Medicare Part A (Hospital Insurance) - Helps cover inpatient care in hospitals (includes critical access hospitals, inpatient rehabilitation facilities, and long-term care hospitals), Helps cover skilled nursing facility (not custodial or long-term care), hospice, and home health care services, and Free to most people.
Medicare Part C (Medicare Advantage Plans) - A way to get Medicare benefits through private companies approved by and under contract with Medicare, Includes Part A, Part B, and usually includes Medicare prescription drug coverage (Part D), May include benefits Medicare doesn’t cover (dental, vision and hearing aid, Monthly Premium, and Annual Deductible
Medicare Part B (Medical Insurance) - Helps cover doctor services and outpatient care, Helps cover some preventive services to help maintain a person’s health and to keep certain illnesses from getting worse, Generally, pays 80% of the Medicare-approved amount for covered services, Covers medical equipment and supplies, Month Premium, and Annual deductible.
Medicare Part D (Prescription Drug Coverage) - Run by private companies approved by Medicare, Helps cover the cost of prescription drugs, Each plan can vary in cost and drugs covered, Monthly Premium, and Annual Deductible.
Medicare’s Annual Open Enrollment
Medicare health and drug plans can make changes each year—things like cost, coverage, and which providers and pharmacies are in their networks. Trident Area Agency on Aging has trained SHIP Specialists that can assist you with the comparison, enrollment and general information and resources you need to gain the best access to healthcare. Open Enrollment is the time you can compare plans and make changes to your Medicare Health or Prescription drug coverage. Open Enrollment is October 15 – December 7, 2021. Your coverage will begin January 1, 2022.

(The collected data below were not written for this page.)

(* Since y <= [y > 0] on [-1,1], E M <= Pr(M > 0) = 1 - Pr(M <= 0).  If
   Pr(M~ <= 0) = C = 1 - mu1^2/mu2 this reads mu1 <= mu1^2/mu2, i.e. mu2 <= mu1.
   Conversely mu1^2 <= mu2 (the variance is nonnegative), so p := C lies in
   [0,1]; when mu2 <= mu1 also c := mu2/mu1 lies in (0,1], and the variable
   that equals 0 with probability p and c otherwise has mean (1-p) c = mu1,
   second moment (1-p) c^2 = mu2 and Pr(M~ <= 0) = p. *)

Definition nondecreasing (F : R -> R) : Prop := forall x y, x <= y -> F x <= F y.

Definition partition (a b : R) (n : nat) (x : nat -> R) : Prop :=
  x O = a /\ x n = b /\ forall i, (i < n)%nat -> x i < x (S i).

Lemma rs_sum_const (F : R -> R) (c : R) x t n :
  rs_sum F (fun _ => c) x t n = c * (F (x n) - F (x O)).
Proof. induction n as [|n IH]; cbn [rs_sum]; [ring | rewrite IH; ring]. Qed.

Lemma rs_sum_linear_integrand (F g h k : R -> R) (p q : R) x t n :
  (forall y, k y = p * g y + q * h y) ->
  rs_sum F k x t n = p * rs_sum F g x t n + q * rs_sum F h x t n.
Proof.
  intros Hk; induction n as [|n IH]; cbn [rs_sum]; [ring | rewrite IH, Hk; ring].
Qed.

Lemma rs_sum_linear_cdf (F1 F2 g : R -> R) (p q : R) x t n :
  rs_sum (fun y => p * F1 y + q * F2 y) g x t n =
  p * rs_sum F1 g x t n + q * rs_sum F2 g x t n.
Proof. induction n as [|n IH]; cbn [rs_sum]; [ring | rewrite IH; ring]. Qed.

Lemma rs_sum_nonneg (F g : R -> R) x t n :
  nondecreasing F ->
  (forall i, (i < n)%nat -> x i <= x (S i) /\ 0 <= g (t i)) ->
  0 <= rs_sum F g x t n.
Proof.
  intros HF Hx; induction n as [|n IH]; cbn [rs_sum]; [lra |].
  destruct (Hx n (Nat.lt_succ_diag_r n)) as [Hxn Hgn].
  assert (0 <= rs_sum F g x t n) by (apply IH; auto).
  assert (F (x n) <= F (x (S n))) by (apply HF; exact Hxn).
  nra.
Qed.

(* Left-endpoint sums of the identity are dominated by the increments of
   F (max 0 _), i.e. by the sums of the integrand [y > 0]. *)
Lemma rs_sum_id_left_le (F : R -> R) x n :
  nondecreasing F ->
  (forall i, (i < n)%nat -> x i < x (S i)) -> x n <= 1 ->
  rs_sum F (fun y => y) x x n <= F (Rmax 0 (x n)) - F (Rmax 0 (x O)).
Proof.
  intros HF; induction n as [|n IH]; intros Hx Hn1; cbn [rs_sum]; [lra |].
  assert (Hxn : x n < x (S n)) by (apply Hx; lia).
  assert (IHn : rs_sum F (fun y => y) x x n <= F (Rmax 0 (x n)) - F (Rmax 0 (x O)))
    by (apply IH; [intros i Hi; apply Hx; lia | lra]).
  assert (HFn : F (x n) <= F (x (S n))) by (apply HF; lra).
  destruct (Rle_or_lt (x n) 0) as [Hneg | Hpos].
  - rewrite (Rmax_left 0 (x n)) in IHn by lra.
    assert (F 0 <= F (Rmax 0 (x (S n)))) by (apply HF, Rmax_l).
    nra.
  - rewrite (Rmax_right 0 (x n)) in IHn by lra.
    rewrite (Rmax_right 0 (x (S n))) by lra.
    nra.
Qed.

Lemma Rabs_lin_comb_lt (p q u v e : R) :
  Rabs u < e -> Rabs v < e -> Rabs (p * u + q * v) < (Rabs p + Rabs q + 1) * e.
Proof.
  intros Hu Hv.
  pose proof (Rabs_triang (p * u) (q * v)) as Htri.
  rewrite !Rabs_mult in Htri.
  pose proof (Rabs_pos p); pose proof (Rabs_pos q); pose proof (Rabs_pos u).
  nra.
Qed.

Lemma RS_integral_combine (F F1 F2 g g1 g2 : R -> R) (a b I J p q : R) :
  (forall n x t, rs_sum F g x t n = p * rs_sum F1 g1 x t n + q * rs_sum F2 g2 x t n) ->
  RS_integral F1 g1 a b I -> RS_integral F2 g2 a b J ->
  RS_integral F g a b (p * I + q * J).
Proof.
  intros Hsum HI HJ eps Heps.
  assert (Hk : 0 < Rabs p + Rabs q + 1) by (pose proof (Rabs_pos p); pose proof (Rabs_pos q); lra).
  set (e := eps / (Rabs p + Rabs q + 1)).
  assert (He : 0 < e) by (apply Rdiv_lt_0_compat; lra).
  destruct (HI e He) as [d1 [Hd1 HI']].
  destruct (HJ e He) as [d2 [Hd2 HJ']].
  exists (Rmin d1 d2); split; [apply Rmin_pos; assumption |].
  intros n x t Ha Hb Hx Ht.
  pose proof (Rmin_l d1 d2); pose proof (Rmin_r d1 d2).
  assert (A : Rabs (rs_sum F1 g1 x t n - I) < e)
    by (apply HI'; auto; intros i Hi; destruct (Hx i Hi); split; lra).
  assert (B : Rabs (rs_sum F2 g2 x t n - J) < e)
    by (apply HJ'; auto; intros i Hi; destruct (Hx i Hi); split; lra).
  rewrite Hsum.
  replace (p * rs_sum F1 g1 x t n + q * rs_sum F2 g2 x t n - (p * I + q * J))
    with (p * (rs_sum F1 g1 x t n - I) + q * (rs_sum F2 g2 x t n - J)) by ring.
  replace eps with ((Rabs p + Rabs q + 1) * e) by (unfold e; field; lra).
  apply Rabs_lin_comb_lt; assumption.
Qed.

Lemma RS_integral_linear_integrand (F g h k : R -> R) (a b I J p q : R) :
  (forall y, k y = p * g y + q * h y) ->
  RS_integral F g a b I -> RS_integral F h a b J ->
  RS_integral F k a b (p * I + q * J).
Proof.
  intros Hk; apply RS_integral_combine; intros; apply rs_sum_linear_integrand, Hk.
Qed.

Lemma RS_integral_linear_cdf (F1 F2 g : R -> R) (a b I J p q : R) :
  RS_integral F1 g a b I -> RS_integral F2 g a b J ->
  RS_integral (fun y => p * F1 y + q * F2 y) g a b (p * I + q * J).
Proof. apply RS_integral_combine; intros; apply rs_sum_linear_cdf. Qed.

Lemma RS_integral_const (F : R -> R) (c a b : R) :
  RS_integral F (fun _ => c) a b (c * (F b - F a)).
Proof.
  intros eps Heps; exists 1; split; [lra |].
  intros n x t Ha Hb _ _.
  rewrite rs_sum_const, Ha, Hb, Rminus_diag, Rabs_R0; exact Heps.
Qed.

Lemma partition_fine_exists (a b d : R) :
  a < b -> 0 < d ->
  exists n x, partition a b n x /\ forall i, (i < n)%nat -> x (S i) - x i < d.
Proof.
  intros Hab Hd.
  destruct (archimed_cor1 (d / (b - a))) as [N [HN HN0]];
    [apply Rdiv_lt_0_compat; lra |].
  assert (HNpos : 0 < INR N) by (apply lt_0_INR; exact HN0).
  assert (Hstep : 0 < (b - a) / INR N) by (apply Rdiv_lt_0_compat; lra).
  assert (Hstep_d : (b - a) / INR N < d).
  { apply (Rmult_lt_compat_l (b - a)) in HN; [| lra].
    replace ((b - a) * (d / (b - a))) with d in HN by (field; lra).
    exact HN. }
  exists N, (fun i => a + INR i * ((b - a) / INR N)).
  repeat split.
  - cbn; ring.
  - field; lra.
  - intros i _; rewrite S_INR; lra.
  - intros i _; rewrite S_INR; lra.
Qed.

Lemma RS_integral_left_sum (F g : R -> R) (a b I eps : R) :
  a < b -> RS_integral F g a b I -> 0 < eps ->
  exists n x, partition a b n x /\ Rabs (rs_sum F g x x n - I) < eps.
Proof.
  intros Hab HI Heps.
  destruct (HI eps Heps) as [d [Hd HI']].
  destruct (partition_fine_exists a b d Hab Hd) as [n [x [[Ha [Hb Hx]] Hmesh]]].
  exists n, x; split; [repeat split; assumption |].
  apply HI'; auto.
  intros i Hi; specialize (Hx i Hi); lra.
Qed.

Lemma RS_integral_le (F g : R -> R) (a b I c : R) :
  a < b -> RS_integral F g a b I ->
  (forall n x, partition a b n x -> rs_sum F g x x n <= c) -> I <= c.
Proof.
  intros Hab HI Hc.
  destruct (Rle_or_lt I c) as [Hle | Hlt]; [exact Hle | exfalso].
  destruct (RS_integral_left_sum F g a b I (I - c) Hab HI) as [n [x [Hx Happrox]]];
    [lra |].
  specialize (Hc n x Hx); apply Rabs_def2 in Happrox; lra.
Qed.

Lemma RS_integral_ge (F g : R -> R) (a b I c : R) :
  a < b -> RS_integral F g a b I ->
  (forall n x, partition a b n x -> c <= rs_sum F g x x n) -> c <= I.
Proof.
  intros Hab HI Hc.
  destruct (Rle_or_lt c I) as [Hle | Hlt]; [exact Hle | exfalso].
  destruct (RS_integral_left_sum F g a b I (c - I) Hab HI) as [n [x [Hx Happrox]]];
    [lra |].
  specialize (Hc n x Hx); apply Rabs_def2 in Happrox; lra.
Qed.

Lemma RS_integral_nonneg (F g : R -> R) (a b I : R) :
  a < b -> nondecreasing F -> (forall y, 0 <= g y) ->
  RS_integral F g a b I -> 0 <= I.
Proof.
  intros Hab HF Hg HI; apply (RS_integral_ge F g a b); auto.
  intros n x [_ [_ Hx]]; apply rs_sum_nonneg; auto.
  intros i Hi; split; [left; apply Hx |]; auto.
Qed.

Low Income Subsidy (LIS) or “Extra Help”
and Medicare Saving Program
Anyone who has Medicare can get Medicare prescription drug coverage. Some people with limited resources and income also may be able to get Extra Help to pay for the costs—monthly premiums, annual deductibles, and prescription co-payments—related to a Medicare prescription drug plan. The Extra Help is estimated to be worth about $4,000 per year. Many people qualify for these important savings and don’t even know it.

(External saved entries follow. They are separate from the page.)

Lemma Rpower_le_half x a : 0 < x -> 0 < a < Rpower (1/2) (/ x) -> Rpower a x <= 1/2.
Proof.
  intros hx ha. left. replace (1/2) with (Rpower (Rpower (1/2) (/ x)) x).
  - apply Rlt_Rpower_l; auto.
  - rewrite Rpower_mult, Rinv_l by lra. apply Rpower_1. lra.
Qed.

Lemma lim0plus_ext f g L : lim0plus f L -> (forall a, 0 < a < 1 -> f a = g a) -> lim0plus g L.
Proof.
  unfold lim0plus, limit1_in, limit_in. intros H E eps he.
  destruct (H eps he) as [del [hd Hf]]. exists del. split; auto.
  intros x [hx hdist]. rewrite <- E; auto.
Qed.

Lemma lim0plus_unique f L L' : lim0plus f L -> lim0plus f L' -> L = L'.
Proof.
  apply single_limit. intros del hd. exists (Rmin (del / 2) (1 / 2)).
  pose proof (Rmin_l (del / 2) (1 / 2)). pose proof (Rmin_r (del / 2) (1 / 2)).
  assert (0 < Rmin (del / 2) (1 / 2)) by (apply Rmin_pos; lra).
  unfold R_dist. rewrite Rminus_0_r, Rabs_pos_eq; lra.
Qed.

Lemma lim0plus_const c : lim0plus (fun _ => c) c.
Proof.
  unfold lim0plus, limit1_in, limit_in. intros eps he. exists 1. split; [lra |].
  intros x _. simpl. unfold R_dist. rewrite Rminus_diag, Rabs_R0. auto.
Qed.

Lemma lim0plus_Rpower x : 0 < x -> lim0plus (fun a => Rpower a x) 0.
Proof.
  unfold lim0plus, limit1_in, limit_in. simpl. unfold R_dist. intros hx eps he.
  exists (Rpower eps (/ x)). split; [apply exp_pos |].
  intros a [ha hd]. rewrite Rminus_0_r, Rabs_pos_eq in hd by lra.
  rewrite Rminus_0_r, Rabs_pos_eq by (left; apply exp_pos).
  replace eps with (Rpower (Rpower eps (/ x)) x)
    by (rewrite Rpower_mult, Rinv_l by lra; apply Rpower_1; auto).
  apply Rlt_Rpower_l; auto. lra.
Qed.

Some people are automatically eligible for the LIS. Examples are: People on Medicaid, who receive Social Security Income or people who get help from the state Medicaid program paying your Part B premium (in a Medicare Savings Program).
Qualified Medicare Beneficiary
This program may help pay your Medicare Part “B” Premiums. Healthy Connections will make a QMB determination for a Medicaid-eligible individual in any full benefits category if that individual is covered under Medicare Part A. Benefits: QMB coverage offers payment of Medicare premiums, co-pays and deductibles.

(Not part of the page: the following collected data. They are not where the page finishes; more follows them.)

(* The (u, w) entry of f^(a) (H choose b) e^(c) when A and B count the positions of the
   weight letter in u and w and m counts the common ones. *)
Definition fHe_entry (A B m a b c : nat) : rat :=
  if ((a <= A) && (A - a + c == B))%N then ('C(A - a, b) * 'C(m, A - a))%:R else 0.

Lemma fHe_entry_shift (A B m a b c k : nat) : (k <= minn a c)%N ->
  'C(b + k, k)%:R * fHe_entry A B m (a - k) (b + k) (c - k) =
  fHe_entry A B m a b c * 'C(m - (A - a), k)%:R.
Proof.
rewrite leq_min => /andP[le_ka le_kc]; rewrite /fHe_entry.
have [le_aA|lt_Aa] := leqP a A; last first.
  case: ifP => [/andP[le_akA _]|_]; last by rewrite mulr0 mul0r.
  by rewrite (@bin_small (A - (a - k))) ?mul0n ?mulr0 ?mul0r //; lia.
have -> : (A - (a - k) = (A - a) + k)%N by lia.
have -> : (A - a + k + (c - k) = A - a + c)%N by lia.
rewrite (_ : (a - k <= A)%N) /=; last by lia.
by case: ifP; rewrite ?mulr0 ?mul0r // -!natrM mulnC -mul_bin_shift.
Qed.

Lemma fHe_entry_straighten (A B m a b c d : nat) :
  (m <= A)%N -> (m <= B)%N -> (A + B <= d + m)%N -> (0 < a + b + c - d)%N ->
  fHe_entry A B m a b c =
  \sum_((a + b + c - d)%N <= k < (minn a c).+1)
    ((-1) ^+ (k - (a + b + c - d)) * 'C(k.-1, (a + b + c - d).-1)%:R * 'C(b + k, k)%:R)
    * fHe_entry A B m (a - k) (b + k) (c - k).
Proof.
set s := (a + b + c - d)%N => le_mA le_mB le_ABd s_gt0.
(* Only the factor C(m - (A - a), k) depends on k, and s <= m - (A - a) <= minn a c. *)
under eq_big_nat => k /andP[_ le_k] do rewrite -mulrA fHe_entry_shift // mulrCA.
rewrite -big_distrr /=.
have [->|] := eqVneq (fHe_entry A B m a b c) 0; first by rewrite mul0r.
rewrite /fHe_entry; case: ifP => [/andP[le_aA /eqP eq_B]|]; last by rewrite eqxx.
rewrite pnatr_eq0 muln_eq0 negb_or -!lt0n !bin_gt0 => /andP[le_b le_m].
set j := (m - (A - a))%N.
have le_sj : (s <= j)%N by rewrite /s /j; lia.
have le_j : (j <= minn a c)%N by rewrite leq_min /j; lia.
rewrite (big_cat_nat (n := j.+1)) ?ltnS ?(leqW le_sj) //= [X in _ + X]big1_seq ?addr0.
  by rewrite sum_signr_bin_pred ?mulr1 ?s_gt0.
by move=> k /andP[_]; rewrite mem_index_iota => /andP[lt_jk _]; rewrite (@bin_small j) ?mulr0.
Qed.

Specified Low-Income Medicare Beneficiary (SLMB) / (QI) Qualified Individual Program
These programs may help pay your Medicare Part “B” Premiums.
Eligibility for A Specified Low Income Medicare Beneficiary is an individual who: Is entitled to Medicare Part A hospital insurance or has countable income greater than 100% and less than or equal to 120% of the Federal Poverty Level.
Eligibility for A Qualified Individual is an individual who: Is entitled to Medicare Part A hospital insurance, has countable income between 120% and 135% of the Federal Poverty Level, or is not otherwise eligible for full Medicaid benefits.
Benefits: For a SLMB or a QI, Healthy Connections is required to pay the Medicare Part B premium only. These individuals are not entitled to any other Medicaid benefits; therefore, they do not receive a Medicaid card.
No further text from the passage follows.